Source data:

(* Let $\phi:\langle S\mid R\rangle\to\mathbb{Z}^n$ be an isomorphism where $\langle S\mid R\rangle$ is a 3-presentation, let $S'\subseteq S$, and let $d=\dim S'$. Then there exist words $w_1,\dots,w_d$ in the free group on $S$ such that, letting $R''$ consist of the words obtained from each element of $R\cup\{w_1,\dots,w_d\}$ by deleting every occurrence of every generator in $S'$, we have $\langle S\setminus S'\mid R''\rangle\cong\mathbb{Z}^{n-d}$ (and $|R''|=|R|+d$).
   Context: A 3-presentation of a group $G$ is a group presentation $\langle S\mid R\rangle\cong G$ (with $S,R$ finite) in which each relation is the empty word, $g^a$, $g^ah^b$, or $g^ah^bi^c$ with $g,h,i\in S$ and $a,b,c\in\mathbb{Z}$. For $S'\subseteq S$, $\dim S'=\dim\operatorname{span}_{\mathbb{R}}\{\phi(g):g\in S'\}$, viewing $\phi(g)\in\mathbb{Z}^n\subseteq\mathbb{R}^n$. *)

From HB Require Import structures.
From mathcomp Require Import all_boot all_order all_algebra.
From mathcomp Require Import Rstruct.
From Stdlib Require Import Relations.
From Stdlib Require Reals.
Set Implicit Arguments. Unset Strict Implicit. Unset Printing Implicit Defensive.
Import Order.TTheory GRing.Theory Num.Theory.
Local Open Scope ring_scope.

(* A word in the free group on generators of type T, written as a list of
   syllables (g, a) standing for g^a (not necessarily freely reduced). *)
Definition word (T : Type) := seq (T * int).

Definition word_over (T : finType) (S : {set T}) (w : word T) : bool :=
  all (fun p => p.1 \in S) w.

(* One elementary move in the presented group <S | R>: deleting (or, via the
   symmetric closure, inserting) a relator anywhere, merging adjacent powers
   of the same generator, and deleting a zero power.  Free reduction
   x^a x^-a -> x^0 -> empty is a special case. *)
Inductive pstep (T : Type) (R : seq (word T)) : word T -> word T -> Prop :=
| pstep_rel u v r : List.In r R -> pstep R (u ++ r ++ v) (u ++ v)
| pstep_merge u v x (a b : int) :
    pstep R (u ++ (x, a) :: (x, b) :: v) (u ++ (x, a + b) :: v)
| pstep_zero u v x : pstep R (u ++ (x, 0) :: v) (u ++ v).

Definition pequiv (T : Type) (R : seq (word T)) : relation (word T) :=
  clos_refl_sym_trans _ (pstep R).

Definition evalw (T : Type) (n : nat) (phi : T -> 'rV[int]_n) (w : word T)
  : 'rV[int]_n := \sum_(p <- w) (phi p.1 *~ p.2).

Goal of the exercise.
From the line with "Definition evalw (T" to the final line of the entries above, return every line exactly as written.

Response to this task.
Definition evalw (T : Type) (n : nat) (phi : T -> 'rV[int]_n) (w : word T)
  : 'rV[int]_n := \sum_(p <- w) (phi p.1 *~ p.2).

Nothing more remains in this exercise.